§ WHAT IS BEING ASKED:
Restate all of the data exactly.

++++

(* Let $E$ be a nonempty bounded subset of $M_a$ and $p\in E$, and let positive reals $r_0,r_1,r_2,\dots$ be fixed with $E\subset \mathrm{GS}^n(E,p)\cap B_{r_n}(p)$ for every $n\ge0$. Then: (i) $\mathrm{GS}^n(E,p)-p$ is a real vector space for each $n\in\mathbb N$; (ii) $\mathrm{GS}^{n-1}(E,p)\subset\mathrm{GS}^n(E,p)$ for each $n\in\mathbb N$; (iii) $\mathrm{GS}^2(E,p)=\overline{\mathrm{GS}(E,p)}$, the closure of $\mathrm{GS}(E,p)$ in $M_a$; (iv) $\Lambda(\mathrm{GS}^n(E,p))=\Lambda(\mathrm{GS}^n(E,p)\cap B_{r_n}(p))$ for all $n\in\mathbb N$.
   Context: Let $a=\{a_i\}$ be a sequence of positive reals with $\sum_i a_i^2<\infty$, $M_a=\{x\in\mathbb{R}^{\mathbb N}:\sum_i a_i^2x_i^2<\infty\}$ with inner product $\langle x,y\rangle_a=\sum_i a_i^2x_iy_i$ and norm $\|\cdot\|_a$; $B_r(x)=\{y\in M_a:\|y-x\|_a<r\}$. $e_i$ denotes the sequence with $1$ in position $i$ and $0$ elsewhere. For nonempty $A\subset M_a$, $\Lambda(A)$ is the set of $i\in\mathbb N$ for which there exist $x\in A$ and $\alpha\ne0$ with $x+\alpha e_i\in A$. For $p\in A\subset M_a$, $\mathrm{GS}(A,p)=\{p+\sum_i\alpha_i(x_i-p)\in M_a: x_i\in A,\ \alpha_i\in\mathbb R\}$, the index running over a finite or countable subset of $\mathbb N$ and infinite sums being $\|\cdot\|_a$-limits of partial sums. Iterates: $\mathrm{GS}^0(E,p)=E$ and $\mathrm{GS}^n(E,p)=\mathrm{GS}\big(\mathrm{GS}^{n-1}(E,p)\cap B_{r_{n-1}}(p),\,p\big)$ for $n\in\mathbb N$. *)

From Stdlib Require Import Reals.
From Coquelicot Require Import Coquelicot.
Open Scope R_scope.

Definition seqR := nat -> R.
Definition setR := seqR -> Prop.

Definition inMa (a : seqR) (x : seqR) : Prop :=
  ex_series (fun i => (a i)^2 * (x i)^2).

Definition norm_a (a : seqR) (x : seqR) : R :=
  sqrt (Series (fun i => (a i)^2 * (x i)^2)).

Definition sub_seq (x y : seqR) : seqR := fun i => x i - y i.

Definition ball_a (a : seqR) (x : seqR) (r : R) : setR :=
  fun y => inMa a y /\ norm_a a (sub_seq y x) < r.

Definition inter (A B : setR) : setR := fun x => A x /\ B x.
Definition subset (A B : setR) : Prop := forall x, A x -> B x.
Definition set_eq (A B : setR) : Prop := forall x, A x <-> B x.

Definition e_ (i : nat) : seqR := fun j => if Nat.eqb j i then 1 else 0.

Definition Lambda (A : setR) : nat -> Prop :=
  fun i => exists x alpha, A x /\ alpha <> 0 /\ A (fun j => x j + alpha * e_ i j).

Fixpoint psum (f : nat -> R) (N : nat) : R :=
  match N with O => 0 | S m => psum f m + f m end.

++++

§ EXERCISE SOLUTION:
(* Let $E$ be a nonempty bounded subset of $M_a$ and $p\in E$, and let positive reals $r_0,r_1,r_2,\dots$ be fixed with $E\subset \mathrm{GS}^n(E,p)\cap B_{r_n}(p)$ for every $n\ge0$. Then: (i) $\mathrm{GS}^n(E,p)-p$ is a real vector space for each $n\in\mathbb N$; (ii) $\mathrm{GS}^{n-1}(E,p)\subset\mathrm{GS}^n(E,p)$ for each $n\in\mathbb N$; (iii) $\mathrm{GS}^2(E,p)=\overline{\mathrm{GS}(E,p)}$, the closure of $\mathrm{GS}(E,p)$ in $M_a$; (iv) $\Lambda(\mathrm{GS}^n(E,p))=\Lambda(\mathrm{GS}^n(E,p)\cap B_{r_n}(p))$ for all $n\in\mathbb N$.
   Context: Let $a=\{a_i\}$ be a sequence of positive reals with $\sum_i a_i^2<\infty$, $M_a=\{x\in\mathbb{R}^{\mathbb N}:\sum_i a_i^2x_i^2<\infty\}$ with inner product $\langle x,y\rangle_a=\sum_i a_i^2x_iy_i$ and norm $\|\cdot\|_a$; $B_r(x)=\{y\in M_a:\|y-x\|_a<r\}$. $e_i$ denotes the sequence with $1$ in position $i$ and $0$ elsewhere. For nonempty $A\subset M_a$, $\Lambda(A)$ is the set of $i\in\mathbb N$ for which there exist $x\in A$ and $\alpha\ne0$ with $x+\alpha e_i\in A$. For $p\in A\subset M_a$, $\mathrm{GS}(A,p)=\{p+\sum_i\alpha_i(x_i-p)\in M_a: x_i\in A,\ \alpha_i\in\mathbb R\}$, the index running over a finite or countable subset of $\mathbb N$ and infinite sums being $\|\cdot\|_a$-limits of partial sums. Iterates: $\mathrm{GS}^0(E,p)=E$ and $\mathrm{GS}^n(E,p)=\mathrm{GS}\big(\mathrm{GS}^{n-1}(E,p)\cap B_{r_{n-1}}(p),\,p\big)$ for $n\in\mathbb N$. *)

From Stdlib Require Import Reals.
From Coquelicot Require Import Coquelicot.
Open Scope R_scope.

Definition seqR := nat -> R.
Definition setR := seqR -> Prop.

Definition inMa (a : seqR) (x : seqR) : Prop :=
  ex_series (fun i => (a i)^2 * (x i)^2).

Definition norm_a (a : seqR) (x : seqR) : R :=
  sqrt (Series (fun i => (a i)^2 * (x i)^2)).

Definition sub_seq (x y : seqR) : seqR := fun i => x i - y i.

Definition ball_a (a : seqR) (x : seqR) (r : R) : setR :=
  fun y => inMa a y /\ norm_a a (sub_seq y x) < r.

Definition inter (A B : setR) : setR := fun x => A x /\ B x.
Definition subset (A B : setR) : Prop := forall x, A x -> B x.
Definition set_eq (A B : setR) : Prop := forall x, A x <-> B x.

Definition e_ (i : nat) : seqR := fun j => if Nat.eqb j i then 1 else 0.

Definition Lambda (A : setR) : nat -> Prop :=
  fun i => exists x alpha, A x /\ alpha <> 0 /\ A (fun j => x j + alpha * e_ i j).

Fixpoint psum (f : nat -> R) (N : nat) : R :=
  match N with O => 0 | S m => psum f m + f m end.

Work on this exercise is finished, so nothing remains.